→ TASK STATEMENT
Compute how many lines in the data below hold the word "rewrite", then report that number with nothing else.

======== ENTRIES SHOWN ========

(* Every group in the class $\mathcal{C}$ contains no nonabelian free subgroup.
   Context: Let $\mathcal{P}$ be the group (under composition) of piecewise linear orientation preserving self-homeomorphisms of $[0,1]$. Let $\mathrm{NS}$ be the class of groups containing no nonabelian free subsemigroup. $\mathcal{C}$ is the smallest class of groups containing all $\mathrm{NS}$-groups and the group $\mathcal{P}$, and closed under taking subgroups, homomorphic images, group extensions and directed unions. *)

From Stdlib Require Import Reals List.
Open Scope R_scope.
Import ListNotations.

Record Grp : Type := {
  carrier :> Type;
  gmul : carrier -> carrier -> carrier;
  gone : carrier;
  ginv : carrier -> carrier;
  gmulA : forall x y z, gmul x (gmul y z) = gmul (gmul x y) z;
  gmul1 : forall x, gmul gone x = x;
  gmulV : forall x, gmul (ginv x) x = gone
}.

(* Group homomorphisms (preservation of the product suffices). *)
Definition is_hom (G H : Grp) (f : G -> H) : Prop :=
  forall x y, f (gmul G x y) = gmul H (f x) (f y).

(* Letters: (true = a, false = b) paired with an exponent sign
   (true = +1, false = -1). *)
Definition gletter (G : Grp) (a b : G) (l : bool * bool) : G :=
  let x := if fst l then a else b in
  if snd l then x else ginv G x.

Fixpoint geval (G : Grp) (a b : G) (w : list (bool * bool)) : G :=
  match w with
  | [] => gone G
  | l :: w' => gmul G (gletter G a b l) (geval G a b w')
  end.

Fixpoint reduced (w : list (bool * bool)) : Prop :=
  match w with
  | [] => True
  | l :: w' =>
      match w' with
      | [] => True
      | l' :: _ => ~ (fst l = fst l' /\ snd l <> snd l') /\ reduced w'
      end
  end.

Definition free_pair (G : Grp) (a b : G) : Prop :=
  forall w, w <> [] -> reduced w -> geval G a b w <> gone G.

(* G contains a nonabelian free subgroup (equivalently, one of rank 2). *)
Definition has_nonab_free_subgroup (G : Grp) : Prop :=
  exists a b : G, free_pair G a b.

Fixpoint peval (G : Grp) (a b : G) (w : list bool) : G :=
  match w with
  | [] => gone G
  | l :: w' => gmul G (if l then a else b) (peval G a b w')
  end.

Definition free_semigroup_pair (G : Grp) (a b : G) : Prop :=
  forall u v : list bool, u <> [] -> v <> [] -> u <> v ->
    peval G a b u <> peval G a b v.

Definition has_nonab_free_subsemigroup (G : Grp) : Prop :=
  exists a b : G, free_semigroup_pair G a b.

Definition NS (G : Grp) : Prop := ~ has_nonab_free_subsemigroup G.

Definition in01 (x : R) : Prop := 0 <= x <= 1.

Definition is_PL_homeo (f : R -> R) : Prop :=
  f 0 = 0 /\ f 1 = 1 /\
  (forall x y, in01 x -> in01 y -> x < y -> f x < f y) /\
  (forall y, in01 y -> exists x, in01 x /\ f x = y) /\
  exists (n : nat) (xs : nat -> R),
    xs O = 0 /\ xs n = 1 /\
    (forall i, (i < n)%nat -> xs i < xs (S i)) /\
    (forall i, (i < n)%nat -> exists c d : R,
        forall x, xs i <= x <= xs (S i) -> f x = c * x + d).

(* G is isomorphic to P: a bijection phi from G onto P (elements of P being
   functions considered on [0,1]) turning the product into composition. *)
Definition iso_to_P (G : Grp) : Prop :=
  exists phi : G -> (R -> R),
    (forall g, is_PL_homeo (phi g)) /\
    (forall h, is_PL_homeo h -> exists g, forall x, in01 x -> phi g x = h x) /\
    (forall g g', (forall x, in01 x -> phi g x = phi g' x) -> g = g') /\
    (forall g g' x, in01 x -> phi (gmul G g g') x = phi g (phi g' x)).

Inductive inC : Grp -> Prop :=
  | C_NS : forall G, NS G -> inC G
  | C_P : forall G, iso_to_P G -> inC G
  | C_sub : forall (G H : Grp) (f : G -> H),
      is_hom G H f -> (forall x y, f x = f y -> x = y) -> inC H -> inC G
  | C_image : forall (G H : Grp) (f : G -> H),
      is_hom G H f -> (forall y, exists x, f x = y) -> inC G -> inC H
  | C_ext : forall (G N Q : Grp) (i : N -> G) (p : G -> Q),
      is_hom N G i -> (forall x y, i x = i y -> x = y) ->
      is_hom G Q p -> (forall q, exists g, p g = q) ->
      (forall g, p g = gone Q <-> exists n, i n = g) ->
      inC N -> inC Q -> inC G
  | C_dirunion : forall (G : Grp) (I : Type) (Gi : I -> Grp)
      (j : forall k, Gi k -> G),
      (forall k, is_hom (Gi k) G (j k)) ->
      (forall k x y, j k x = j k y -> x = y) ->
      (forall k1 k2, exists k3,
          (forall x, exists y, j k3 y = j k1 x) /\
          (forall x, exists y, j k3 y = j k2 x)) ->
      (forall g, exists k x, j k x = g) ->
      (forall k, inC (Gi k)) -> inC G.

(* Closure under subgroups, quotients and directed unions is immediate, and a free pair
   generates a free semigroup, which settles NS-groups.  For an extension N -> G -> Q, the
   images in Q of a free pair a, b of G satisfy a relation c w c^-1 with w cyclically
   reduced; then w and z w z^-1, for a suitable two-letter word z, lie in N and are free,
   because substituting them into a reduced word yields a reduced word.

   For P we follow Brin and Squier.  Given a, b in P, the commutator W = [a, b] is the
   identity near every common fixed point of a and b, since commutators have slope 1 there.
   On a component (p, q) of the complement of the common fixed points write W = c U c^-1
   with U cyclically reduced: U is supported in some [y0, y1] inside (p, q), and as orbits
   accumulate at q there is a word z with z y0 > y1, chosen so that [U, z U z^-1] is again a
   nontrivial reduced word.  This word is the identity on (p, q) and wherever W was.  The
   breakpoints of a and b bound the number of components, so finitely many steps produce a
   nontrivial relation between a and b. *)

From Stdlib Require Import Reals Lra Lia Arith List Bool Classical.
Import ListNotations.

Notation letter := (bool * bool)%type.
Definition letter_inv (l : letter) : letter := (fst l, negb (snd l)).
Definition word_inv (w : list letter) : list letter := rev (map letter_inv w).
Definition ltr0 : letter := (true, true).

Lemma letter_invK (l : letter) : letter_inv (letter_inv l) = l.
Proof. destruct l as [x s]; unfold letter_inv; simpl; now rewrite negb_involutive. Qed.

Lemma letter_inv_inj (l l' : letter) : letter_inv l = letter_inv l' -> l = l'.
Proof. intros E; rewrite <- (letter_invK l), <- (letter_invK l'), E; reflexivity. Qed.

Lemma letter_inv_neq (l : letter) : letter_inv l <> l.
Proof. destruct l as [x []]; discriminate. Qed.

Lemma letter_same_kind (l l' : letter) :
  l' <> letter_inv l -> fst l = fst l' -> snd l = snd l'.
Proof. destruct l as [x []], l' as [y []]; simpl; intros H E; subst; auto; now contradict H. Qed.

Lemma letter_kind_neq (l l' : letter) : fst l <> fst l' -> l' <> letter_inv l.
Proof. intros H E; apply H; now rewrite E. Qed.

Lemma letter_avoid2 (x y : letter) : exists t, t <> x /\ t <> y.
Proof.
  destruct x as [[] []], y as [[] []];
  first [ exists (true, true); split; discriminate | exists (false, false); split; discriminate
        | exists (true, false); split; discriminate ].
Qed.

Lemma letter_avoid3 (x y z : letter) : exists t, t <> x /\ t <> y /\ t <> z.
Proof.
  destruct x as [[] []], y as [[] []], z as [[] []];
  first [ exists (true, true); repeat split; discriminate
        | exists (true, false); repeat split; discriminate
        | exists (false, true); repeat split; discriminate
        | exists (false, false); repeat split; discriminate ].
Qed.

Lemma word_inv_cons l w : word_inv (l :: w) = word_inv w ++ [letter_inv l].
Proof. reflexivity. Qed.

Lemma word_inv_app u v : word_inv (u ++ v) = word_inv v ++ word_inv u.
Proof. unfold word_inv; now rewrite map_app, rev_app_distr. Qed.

========

→ TASK ANSWER
4